UDF vs UDX, now I got the difference. I will try to find out more about them. I just discovered the preterminals() method, what is the difference between terminals and preterminals? Where can I find out about them?

[oepen]

On 6 Aug 2022, at 14:38, Alexandre Rademaker @.***> wrote:

UDF vs UDX, now I got the difference.

https://github.com/delph-in/docs/wiki/ItsdbDerivations

[arademaker]

Thank you @oepen, I take the opportunity to make some updates in the wiki, see https://github.com/delph-in/docs/wiki/ItsdbDerivations/_compare/b8be80ea45522def4f254a60ba83dcd66ceea626...713f1f50aa6c13808c5e9af528ec1d32c4cccc7e to make sure if you agree.

[arademaker]

Hi @goodmami may I ask a few more things?

1. The method to_dict from UDX objects gives me a dictionary. In particular, if I consult only the preterminals, I get the field tokens for each preterminal. Why is it named tokens instead of token (singular)? I was trying to find a situation where one or more tokens were grouped in a preterminal, but I didn't find it. At least, look up in 'I look up the can.' is not one example.

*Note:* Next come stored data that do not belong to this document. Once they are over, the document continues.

Lemma star_unit_r P : star P (W [::]) = P.
Proof.
apply: (linear_ext (f := star^~ (W [::])) (g := id)) => [||u]; try by nclinear_tac.
exact: (star_unit_word u).2.
Qed.

(* Commutativity on words, by induction on the total length: both sides
   expand by rule (iii) into corresponding shorter products, the bracket
   terms agreeing by symmetry of the bracket. *)
Lemma star_comm_word n u v : (size u + size v < n)%N ->
  star (W u) (W v) = star (W v) (W u).
Proof.
elim: n u v => [//|n IH] [|a u] [|b v] /= Hn;
  rewrite ?(star_unit_word _).1 ?(star_unit_word _).2 //.
rewrite !star_word_cons bracket_sym (IH u (b :: v)) ?(IH (a :: u) v) ?(IH u v) /=;
  try lia.
by ncsolve.
Qed.

Lemma star_comm P Q : star P Q = star Q P.
Proof.
move: P Q; apply: (bilinear_ext (g := fun P Q => star Q P)) => [Q|P|Q|P|u v];
  try by nclinear_tac.
exact: (star_comm_word (n := (size u + size v).+1)).
Qed.

(* Rule (iii) for arbitrary P, Q: both sides are bilinear in (P, Q). *)
Lemma star_lcons a b P Q : (a ▹ P * b ▹ Q =
  a ▹ (P * b ▹ Q) + (b ▹ (a ▹ P * Q) + br a b ⊳ (P * Q)))%NC.
Proof.
move: P Q; apply: bilinear_ext => [Q|P|Q|P|u v]; try by nclinear_tac.
by rewrite !nclcons_word star_word_cons.
Qed.

Lemma star_expand_l a b c P Q R : (a ▹ P * b ▹ Q * c ▹ R =
  a ▹ (P * b ▹ Q * c ▹ R) + b ▹ (a ▹ P * Q * c ▹ R) + c ▹ (a ▹ P * b ▹ Q * R)
  + br a c ⊳ (P * b ▹ Q * R) + br b c ⊳ (a ▹ P * Q * R)
  + br a b ⊳ (P * Q * c ▹ R) + brAX br (br a b) (1, c) ⊳ (P * Q * R))%NC.
Proof.
rewrite [(a ▹ P * b ▹ Q)%NC]star_lcons; ncnorm.
rewrite !star_lcons; ncnorm.
by ncsolve.
Qed.

Lemma star_expand_r a b c P Q R : (a ▹ P * (b ▹ Q * c ▹ R) =
  a ▹ (P * (b ▹ Q * c ▹ R)) + b ▹ (a ▹ P * (Q * c ▹ R)) + c ▹ (a ▹ P * (b ▹ Q * R))
  + br a c ⊳ (P * (b ▹ Q * R)) + br b c ⊳ (a ▹ P * (Q * R))
  + br a b ⊳ (P * (Q * c ▹ R)) + brAX br (1, a) (br b c) ⊳ (P * (Q * R)))%NC.
Proof.
rewrite [(b ▹ Q * c ▹ R)%NC]star_lcons; ncnorm.
rewrite !star_lcons; ncnorm.
by ncsolve.
Qed.
Lemma euler_factor_le P : euler_factor P <= 11269 / 10000 / (1 - 51 / 1000).
Proof.
  have h50 := euler_factor_50; have hK := euler_factor_ge1 P.
  apply: Rle_div_of_mul_le; first lra.
  case: (leqP 50 P) => h.
  - have := excess_tail_sum_le P h; have := euler_factor_tail P h.
    move=> ht hT.
    have : euler_factor P * (1 - 51 / 1000) <= euler_factor P * (1 - excess_tail_sum P).
    { by apply: Rmult_le_compat_l; lra. }
    lra.
  - by have := euler_factor_mono P 50 ltac:(lia); nra.
Qed.

Definition squarefree (d : nat) : bool := all (fun p => logn p d == 1)%N (primes d).

Lemma INR_prod (s : seq nat) (f : nat -> nat) :
  INR (\prod_(i <- s) f i)%N = \big[Rmult/1]_(i <- s) INR (f i).
Proof.
  elim: s => [|x s IH]; first by rewrite !big_nil.
  by rewrite !big_cons mult_INR IH.
Qed.

Lemma mobius_sq d : (0 < d)%N -> mobius d ^ 2 = if squarefree d then 1 else 0.
Proof.
  move=> d0; rewrite /mobius d0 /squarefree; case: (all _ _); last by rewrite /=; ring.
  rewrite -pow_mult.
  have -> : (size (primes d) * 2)%coq_nat = (2 * size (primes d))%coq_nat by lia.
  exact: pow_1_even.
Qed.

Lemma sieve_weight_squarefree P d : (0 < d)%N -> (d <= P)%N -> squarefree d ->
  sieve_weight P d = \big[Rmult/1]_(q <- primes d) local_factor q.
Proof.
  move=> d0 dP /allP sq; apply: eq_big_seq => q qin.
  rewrite /local_weight (eqP (sq q qin)) eqxx (leq_trans _ dP) //.
  by apply: dvdn_leq => //; move: qin; rewrite mem_primes => /and3P [].
Qed.

Lemma sieve_weight_not_squarefree P d : (0 < d)%N -> (d <= P)%N -> ~~ squarefree d ->
  sieve_weight P d = 0.
Proof.
  move=> d0 dP /allPn [q qin hq].
  have qP : (q <= P)%N.
  { by apply: leq_trans dP; apply: dvdn_leq => //; move: qin; rewrite mem_primes => /and3P []. }
  by rewrite /sieve_weight (big_rem _ qin) /= /local_weight qP (negbTE hq) Rmult_0_l.
Qed.

Lemma local_factor_prod d : (0 < d)%N -> squarefree d ->
  \big[Rmult/1]_(q <- primes d) local_factor q * INR d = phiR d * g1 d ^ 2.
Proof.
  move=> d0 /allP sq.
  have ephi : phiR d = \big[Rmult/1]_(q <- primes d) (INR q - 1).
  { rewrite /phiR totientE // INR_prod; apply: eq_big_seq => q qin.
    rewrite (eqP (sq q qin)) /= muln1.
    have q0 : (0 < q)%N by move: qin; rewrite mem_primes => /and3P [/prime_gt0].
    by rewrite -{2}(prednK q0) S_INR; ring. }
  have eg : g1 d = \big[Rmult/1]_(q <- primes d) g1p q.
  { by apply: eq_big_seq => q qin; rewrite (eqP (sq q qin)) pow_1. }
  have ed : INR d = \big[Rmult/1]_(q <- primes d) INR q.
  { rewrite {1}(prod_prime_decomp d0) prime_decompE big_map INR_prod.
    by apply: eq_big_seq => q qin; rewrite (eqP (sq q qin)) expn1. }
  rewrite ephi eg ed.
  have -> : forall a : R, a ^ 2 = a * a by move=> a; ring.
  rewrite -!big_split; apply: eq_big_seq => q qin /=.
  have q0 : 0 < INR q by apply: INR_gt0; move: qin; rewrite mem_primes => /and3P [/prime_gt0].
  by rewrite /local_factor; field; lra.
Qed.

Lemma term_eq_sieve_weight x P d : (0 < d)%N -> (d <= P)%N -> ln (x / INR d) <> 0 ->
  term x d = sieve_weight P d * log_weight x d.
Proof.
  move=> d0 dP hl; have hd := INR_gt0 d d0; have hl2 := pow_nonzero _ 2 hl.
  rewrite /term /log_weight mobius_sq //; case: (boolP (squarefree d)) => sq.
  - have e := local_factor_prod d d0 sq.
    rewrite sieve_weight_squarefree // (_ : \big[Rmult/1]_(q <- primes d) local_factor q
                                            = phiR d * g1 d ^ 2 / INR d).
    + by field; split; lra.
    + by rewrite -e; field; lra.
  - by rewrite sieve_weight_not_squarefree //; rewrite /Rdiv; ring.
Qed.

Lemma Rleb_true a b : a <= b -> Rleb a b = true.
Proof. by rewrite /Rleb; case: (Rle_dec a b). Qed.

Lemma sum_upto_floor (M : R) (F : nat -> R) : 0 <= M ->
  exists n, INR n <= M /\ sum_upto M F = \big[Rplus/0]_(1 <= d < n.+1) F d.
Proof.
  move=> hM; have [hz1 hz2] := archimed M.
  have z1 : (1 <= up M)%Z.
  { have : (0 < up M)%Z by apply: lt_IZR; lra.
    lia. }
  have hz : INR (Z.to_nat (up M)) = IZR (up M) by rewrite INR_IZR_INZ Z2Nat.id //; lia.
  case ez : (Z.to_nat (up M)) hz => [|n] hz; first by move: ez; lia.
  have hn : INR n <= M by rewrite S_INR in hz; lra.
  exists n; split=> //; rewrite /sum_upto ez.
  rewrite -(big_mkord (fun d => (0 < d)%N && Rleb (INR d) M) F).
  rewrite big_ltn_cond //= big_nat_cond [in RHS]big_nat_cond; apply: eq_bigl => i.
  case: (boolP ((1 <= i) && (i < _))%N) => //= /andP [i1 i2].
  by rewrite i1 Rleb_true //; apply: (Rle_trans _ _ _ _ hn); apply: INR_leq; lia.
Qed.
(* Let $\sigma(x,y)=(x\rightharpoonup y,x\leftharpoonup y)$ be an involutive non-degenerate quiver-theoretic Yang--Baxter map on a quiver $\mathscr{A}$ over $\Lambda$, and let $E$ be the closure of (the image of) $\mathscr{A}$ under right-lcms in the structure category $\mathscr{C}(\sigma)$. Let $x\bullet y:=(\cdot\leftharpoonup x)^{-1}(y)$ for $\mathfrak{t}(x)=\mathfrak{t}(y)$ and $x\,\tilde\star\,y:=y\bullet x$. For $\mu\in\Lambda$ and a finite set $J=\{y_1,\dots,y_n\}\subseteq\mathscr{A}(\Lambda,\mu)$ of pairwise distinct arrows, define $\tilde\Omega_1(y_1)=y_1$, $\tilde\Omega_j(y_1,\dots,y_j)=\tilde\Omega_{j-1}(y_1,y_3,\dots,y_j)\,\tilde\star\,\tilde\Omega_{j-1}(y_2,\dots,y_j)$ for $2\le j\le n$, and $\tilde\Delta_J=[\tilde\Omega_n(y_1,\dots,y_n)|\tilde\Omega_{n-1}(y_2,\dots,y_n)|\dots|\tilde\Omega_1(y_n)]\in\mathscr{C}(\sigma)$ (the left-lcm of $J$). Then $E=\{\tilde\Delta_J\mid\mu\in\Lambda,\ J\subseteq\mathscr{A}(\Lambda,\mu),\ 1\le|J|<\infty\}\cup\mathbf{1}_{\mathscr{A}}$, where $\mathbf{1}_{\mathscr{A}}$ is the set of identities of $\mathscr{C}(\sigma)$.
   Context: A quiver-theoretic Yang--Baxter map is a source/target-preserving map $\sigma$ on composable pairs satisfying the braid relation; involutive: $\sigma^2=\mathrm{id}$; non-degenerate: all $x\rightharpoonup\cdot\colon\mathscr{A}(\mathfrak{t}(x),\Lambda)\to\mathscr{A}(\mathfrak{s}(x),\Lambda)$ and $\cdot\leftharpoonup y\colon\mathscr{A}(\Lambda,\mathfrak{s}(y))\to\mathscr{A}(\Lambda,\mathfrak{t}(y))$ bijective. $\mathscr{C}(\sigma)$ is the category presented by generators $\mathscr{A}$ and relations $x|y\sim(x\rightharpoonup y)|(x\leftharpoonup y)$; $[w]$ denotes the class of a path $w$. Right-lcm (resp. left-lcm): a common right- (resp. left-) multiple that left- (resp. right-) divides every common right- (resp. left-) multiple. *)

From Stdlib Require Import List Relations ClassicalEpsilon.
Import ListNotations.
Set Implicit Arguments.

(* A quiver over Lambda: arrows of type A with source s and target t.
   A composable pair (x, y) means t x = s y (paths x|y are read left to right).
   A quiver-theoretic map on composable pairs is given by its two components
   lf x y = x ⇀ y and rf x y = x ↼ y. *)
Section QYB.
Variables (Lam A : Type) (s t : A -> Lam) (lf rf : A -> A -> A).

Definition sigma12 (w : A * A * A) : A * A * A :=
  let '(x, y, z) := w in (lf x y, rf x y, z).
Definition sigma23 (w : A * A * A) : A * A * A :=
  let '(x, y, z) := w in (x, lf y z, rf y z).

Definition st_preserving : Prop :=
  forall x y, t x = s y ->
    s (lf x y) = s x /\ t (lf x y) = s (rf x y) /\ t (rf x y) = t y.

Definition braid : Prop :=
  forall x y z, t x = s y -> t y = s z ->
    sigma12 (sigma23 (sigma12 (x, y, z))) = sigma23 (sigma12 (sigma23 (x, y, z))).

Definition involutive : Prop :=
  forall x y, t x = s y -> lf (lf x y) (rf x y) = x /\ rf (lf x y) (rf x y) = y.

Definition nondegenerate : Prop :=
  (forall x,
     (forall y y', s y = t x -> s y' = t x -> lf x y = lf x y' -> y = y') /\
     (forall z, s z = s x -> exists y, s y = t x /\ lf x y = z)) /\
  (forall y,
     (forall z z', t z = s y -> t z' = s y -> rf z y = rf z' y -> z = z') /\
     (forall w, t w = t y -> exists z, t z = s y /\ rf z y = w)).

Definition qYB_map : Prop := st_preserving /\ braid.

(* x • y := (· ↼ x)^{-1}(y), for t x = t y (junk value otherwise) *)
Definition bullet (x y : A) : A :=
  epsilon (inhabits y) (fun z => t z = s x /\ rf z x = y).

Definition tstar (x y : A) : A := bullet y x.

(* OmegaT y ys = ~Ω_{n}(y, ys_1, ..., ys_{n-1}):
   ~Ω_1(y1) = y1,
   ~Ω_j(y1,y2,...,yj) = ~Ω_{j-1}(y1,y3,...,yj) ~⋆ ~Ω_{j-1}(y2,...,yj). *)
Fixpoint OmegaT (y1 : A) (ys : list A) : A :=
  match ys with
  | [] => y1
  | y2 :: r => tstar (OmegaT y1 r) (OmegaT y2 r)
  end.

Fixpoint DeltaList (y1 : A) (ys : list A) : list A :=
  OmegaT y1 ys :: match ys with [] => [] | y2 :: r => DeltaList y2 r end.

Record path := Path { psrc : Lam; parr : list A }.
Lemma box_meetW (B B' : box) p : in_box B p -> in_box B' p -> box_meet B B'.
Proof. by rewrite /in_box /box_meet; lia. Qed.

Lemma box_meetP (B B' : box) : box_nonempty B -> box_nonempty B' ->
  reflect (exists p, in_box B p && in_box B' p) (box_meet B B').
Proof.
move=> neB neB'; apply: (iffP idP) => [meet|[p /andP[]]]; last exact: box_meetW.
exists (Num.max (xlo B) (xlo B'), Num.max (ylo B) (ylo B')).
by move: neB neB' meet; rewrite /box_nonempty /box_meet /in_box /=; lia.
Qed.

Lemma mem_mkcells (s : seq cell) p : (p \in mkcells s) = (p \in s).
Proof. by rewrite inE. Qed.

Lemma mem_iota_int (x : int) lo len :
  (x \in [seq i%:Z | i <- iota lo len]) = (lo%:Z <= x < (lo + len)%:Z).
Proof.
case: x => [m|m]; last by rewrite andFb; apply/negbTE/mapP => -[].
by rewrite (mem_map (can_inj absz_nat)) mem_iota; lia.
Qed.

Lemma mem_row_map (y : int) (s : seq nat) (p : cell) :
  (p \in [seq (i%:Z, y) | i <- s]) = (p.2 == y) && (p.1 \in [seq i%:Z | i <- s]).
Proof.
case: p => u v /=; elim: s => [|i s IH] /=; first by rewrite andbF.
by rewrite !inE IH xpair_eqE; case: (v == y); rewrite ?andbT ?andbF.
Qed.

Lemma mem_col_map (x : int) (s : seq nat) (p : cell) :
  (p \in [seq (x, j%:Z) | j <- s]) = (p.1 == x) && (p.2 \in [seq j%:Z | j <- s]).
Proof.
case: p => u v /=; elim: s => [|j s IH] /=; first by rewrite andbF.
by rewrite !inE IH xpair_eqE; case: (u == x); rewrite ?andbT ?andbF.
Qed.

2. The result object gives me the tokens response.tokens(tokenset='initial').tokens, what is the difference between the internal and initial tokensets?

3. The derivation of one particular result from a response contains the tokens as its terminals, right? So can I expect a 1-1 correspondence between the response.tokens and the response.results(0).derivation().terminals()?

[oepen]

I was trying to find a situation where one or more tokens were grouped in a preterminal, but I didn't find it.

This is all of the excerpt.